Recalling back, is enough to make one cry.
If you spent a lot of time doing something which you find it meaningless. Now is the time to change your lifestyle. Because one day maybe ten years later, you recall back what you are doing now. you will find it nice that you actually doing something you are interested and meaningful during the past ten years.

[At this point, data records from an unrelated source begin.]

(* Let $m\ge0$ be an integer, $w_0\in L_{2m}$ the basis vector of weight $0$, $\mu$ generic, and $\Phi^{w_0,\mathrm{trig}}_\mu$ as in the context. If $|q^{-2\lambda}|$ is sufficiently small, the trace $\mathrm{Tr}|_{M_\mu}(\Phi^{w_0,\mathrm{trig}}_\mu q^{2\lambda\rho})$ converges and \[ \mathrm{Tr}|_{M_\mu}(\Phi^{w_0,\mathrm{trig}}_\mu q^{2\lambda\rho})=q^{\lambda\mu}\sum_{l=0}^m(-1)^lq^{-2\lambda l}q^{-l(l-1)/2}\frac{[m]_l[m+l]_l}{[l]_l}\frac{(q-q^{-1})^l}{\prod_{i=0}^{l-1}(1-q^{-2\mu+2i})\prod_{i=0}^l(1-q^{-2\lambda-2i})}. \]
   Context: $q\in\mathbb{C}^\times$ transcendental over $\mathbb{Q}$, $q^x:=e^{x\log q}$, $[n]=\frac{q^n-q^{-n}}{q-q^{-1}}$, $[n]_l=[n][n-1]\cdots[n-l+1]$. $U_q(\mathfrak{sl}_2)$ is generated by $e,f,q^h$ with $q^heq^{-h}=q^2e$, $q^hfq^{-h}=q^{-2}f$, $[e,f]=\frac{q^h-q^{-h}}{q-q^{-1}}$, coproduct $\Delta(e)=e\otimes1+q^h\otimes e$, $\Delta(f)=f\otimes q^{-h}+1\otimes f$, $\Delta(q^h)=q^h\otimes q^h$. $M_\mu$ is the Verma module with basis $f^jv_\mu$ ($j\ge0$): $ef^jv_\mu=[\mu-j+1][j]f^{j-1}v_\mu$, $f\cdot f^jv_\mu=f^{j+1}v_\mu$, $q^hf^jv_\mu=q^{\mu-2j}f^jv_\mu$. $L_{2m}$ is the irreducible module with basis $w_{2j}$, $-m\le j\le m$: $ew_{2j}=[m-j]w_{2j+2}$, $fw_{2j}=[m+j]w_{2j-2}$, $q^hw_{2j}=q^{2j}w_{2j}$. $\Phi^{w_0,\mathrm{trig}}_\mu:M_\mu\to M_\mu\widehat\otimes L_{2m}$ is the unique intertwiner with $v_\mu\mapsto v_\mu\otimes w_0+$ terms of lower weight in the first factor. $q^{2\lambda\rho}$ acts on $f^jv_\mu$ by $q^{\lambda(\mu-2j)}$; the trace is valued in $L_{2m}[0]=\mathbb{C}w_0\cong\mathbb{C}$. *)

From Stdlib Require Import Reals QArith Qreals ZArith List.
From Coquelicot Require Import Coquelicot.

Open Scope C_scope.

Definition cexp (z : C) : C :=
  (exp (fst z) * cos (snd z), exp (fst z) * sin (snd z))%R.

Fixpoint Qpoly_eval (p : list Q) (z : C) : C :=
  match p with
  | nil => 0
  | c :: p' => RtoC (Q2R c) + z * Qpoly_eval p' z
  end.

Definition transcendental (z : C) : Prop :=
  forall p : list Q, (exists c, In c p /\ ~ (c == 0)%Q) -> Qpoly_eval p z <> 0.

(** Throughout, [L] is a fixed logarithm of q, i.e. q = cexp L, and
    q^x := e^{x log q} = cexp (x * L). *)
Definition qpow (L x : C) : C := cexp (x * L).

Definition qnum (L x : C) : C :=
  (qpow L x - qpow L (- x)) / (qpow L 1 - qpow L (-1)).

Fixpoint qfall (L : C) (n l : nat) : C :=
  match l with
  | O => 1
  | S l' => qnum L (INR n - INR l') * qfall L n l'
  end.

Fixpoint cprod (f : nat -> C) (n : nat) : C :=
  match n with
  | O => 1
  | S n' => cprod f n' * f n'
  end.

(** Elements of the (completed) tensor product M_mu ⊗̂ L_{2m} are described by
    their coefficients: X i k = coefficient of f^i v_mu ⊗ w_{2k}
    (i >= 0, k an integer, only -m <= k <= m is meaningful). *)
Definition tensor := nat -> Z -> C.

(** Action of Δ(e) = e ⊗ 1 + q^h ⊗ e on coefficients, using
    e f^{i+1} v = [mu - i][i+1] f^i v  and  e w_{2k-2} = [m-k+1] w_{2k}. *)
Definition tensor_e (L mu : C) (m : nat) (X : tensor) : tensor :=
  fun i k =>
    qnum L (mu - INR i) * qnum L (INR i + 1) * X (S i) k
    + qpow L (mu - 2 * INR i) * qnum L (INR m - (IZR k - 1)) * X i (k - 1)%Z.

(** Action of Δ(f) = f ⊗ q^{-h} + 1 ⊗ f on coefficients, using
    f (f^{i-1} v) = f^i v, q^{-h} w_{2k} = q^{-2k} w_{2k},
    f w_{2k+2} = [m+k+1] w_{2k}. *)
Definition tensor_f (L : C) (m : nat) (X : tensor) : tensor :=
  fun i k =>
    match i with
    | O => 0
    | S i' => qpow L (- 2 * IZR k) * X i' k
    end
    + qnum L (INR m + IZR k + 1) * X i (k + 1)%Z.

(** Action of Δ(q^h) = q^h ⊗ q^h on coefficients. *)
Definition tensor_qh (L mu : C) (X : tensor) : tensor :=
  fun i k => qpow L (mu - 2 * INR i + 2 * IZR k) * X i k.

(** A linear map Phi : M_mu -> M_mu ⊗̂ L_{2m}, given by
    Phi j = image of the basis vector f^j v_mu. *)
Definition vmap := nat -> tensor.

Definition is_intertwiner (L mu : C) (m : nat) (Phi : vmap) : Prop :=
  (* values lie in M_mu ⊗̂ L_{2m}: only weights -2m..2m of L_{2m} occur *)
  (forall j i k, (k < - Z.of_nat m \/ Z.of_nat m < k)%Z -> Phi j i k = 0)
  (* Phi (q^h x) = Δ(q^h) Phi(x) *)
  /\ (forall j i k, tensor_qh L mu (Phi j) i k = qpow L (mu - 2 * INR j) * Phi j i k)
  (* Phi (e x) = Δ(e) Phi(x), with e f^j v = [mu-j+1][j] f^{j-1} v *)
  /\ (forall j i k, tensor_e L mu m (Phi j) i k =
        match j with
        | O => 0
        | S j' => qnum L (mu - INR j') * qnum L (INR j' + 1) * Phi j' i k
        end)
  (* Phi (f x) = Δ(f) Phi(x) *)
  /\ (forall j i k, tensor_f L m (Phi j) i k = Phi (S j) i k).

(** Phi^{w0,trig}_mu: the intertwiner with
    v_mu |-> v_mu ⊗ w_0 + (terms of lower weight in the first factor). *)
Definition is_Phi_w0_trig (L mu : C) (m : nat) (Phi : vmap) : Prop :=
  is_intertwiner L mu m Phi /\ Phi O O 0%Z = 1 /\
  (forall k, k <> 0%Z -> Phi O O k = 0).

(** j-th term of Tr|_{M_mu}(Phi q^{2 lambda rho}) (the w_0-coefficient,
    the trace being valued in L_{2m}[0] = C w_0):
    q^{lambda (mu - 2 j)} * <f^j v_mu ⊗ w_0 coefficient of Phi(f^j v_mu)>. *)
Definition trace_term (L mu lam : C) (Phi : vmap) (j : nat) : C :=
  qpow L (lam * (mu - 2 * INR j)) * Phi j j 0%Z.

Definition trace_formula (L mu lam : C) (m : nat) : C :=
  qpow L (lam * mu) *
  sum_n (fun l =>
     (-1) ^ l * qpow L (- 2 * lam * INR l)
     * qpow L (- (INR l * (INR l - 1) / 2)%R)
     * (qfall L m l * qfall L (m + l) l / qfall L l l)
     * ((qpow L 1 - qpow L (-1)) ^ l
        / (cprod (fun i => 1 - qpow L (- 2 * mu + 2 * INR i)) l
           * cprod (fun i => 1 - qpow L (- 2 * lam - 2 * INR i)) (S l))))
   m.

From Stdlib Require Import Reals QArith Qreals ZArith List Lia Lra Classical.
From Coquelicot Require Import Coquelicot.
Open Scope C_scope.

(* The intertwining relation for e, applied to v_mu, determines
   Phi(v_mu) = sum_l c_l f^l v_mu ⊗ w_{2l} through a first-order recursion in l,
   with c_l = 0 for l > m.  The relation for f then expresses the coefficient
   Q_{j,k} of f^{j+k} v_mu ⊗ w_{2k} in Phi(f^j v_mu) by the two-term recursion
   Q_{j+1,k} = q^{-2k} Q_{j,k} + [m+k+1] Q_{j,k+1},  Q_{0,k} = c_k,
   and the trace is q^{lambda mu} sum_j x^j Q_{j,0} with x = q^{-2 lambda}.
   For |x| small these generating series S_k = sum_j x^j Q_{j,k} converge
   (|Q_{j,k}| grows at most geometrically in j) and satisfy
   (1 - x q^{-2k}) S_k = c_k + x [m+k+1] S_{k+1}; since S_k = 0 for k > m,
   solving downwards from k = m yields S_0 as the finite sum of the formula. *)

Lemma cexp_add a b : cexp (a + b) = cexp a * cexp b.
Proof.
  destruct a as [a1 a2], b as [b1 b2]. unfold cexp. simpl.
  rewrite exp_plus, cos_plus, sin_plus.
  apply injective_projections; simpl; ring.
Qed.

-p.s this post is for you, zac (myself) xD


Wednesday, January 12, 2011

What can i say~? i had an exam today. Did not really do well for that, screwed up. Pretty disappointed and upset. I studied till late hour last night, but end up i was blank in staring at my paper. I think i have not study enough, this is not my best shot. Where's the usual me? I bet still sleeping in my lala-land. left with my only hope in feb, final paper. I got to work damn hard for that. Hope i can push myself to persevere. Like what the olden day where people said :"
台上十分钟,台下十年功"
I really understand that. Sitting on the exam room was really short and fast. Time flies in there, everyone trying their very best in answering the question which appeared in front of their eyes. No one dare to waste their time in thinking things other than the exam questions. During the short and fast period, what we need is the things we learnt in our daily life. I really have to work hard, really.

是我太懒惰,我得勤劳点

Tuesday, January 11, 2011

Quited my blog for months. Didn't really know what to post, however there is a sudden urge of blogging again. I have no idea why, just feel like doing it (?) loL! If i want to ask myself why i want to create my blog again, i think by tomorrow i still don't have an answer for it? So let's ignore this question. Blog is somewhere i can say stuffs to myself, and also to you guys who are reading now if i ever give you my blog link. I shall get the ball rolling, let me start with the things i did today. Basically, i have my class today. Woke up in the morning around 7 plus to get myself prepare for school. Seriously, the weather was so freaking cold. I like this kind of weather, really. Cold wind blew towards me when i came out of my bathroom. It's like going for an vacation in Genting. The weather makes me really lazy; don't want to change my clothes, don't feel like eating my breakfast and don't feel like going to school. But luckily, i got myself up to school. Recalling back, it's really weird when i was still deciding whether i want to attend class today even i had stepped out of my house. Everything is the same in class, had my lesson and blablabla. During class, the air-conditioner was really driving me to sleep. It's a nice condition to get myself to sleep. Therefore, i passed my time with my mind hanging in the air. After a few hours and the class ended, met my friends and went for our dinner in Swensens. What we did there, i shall not go in depth. so blablabla. And finally back home with the "want-to-blog" feeling, and so now i am here.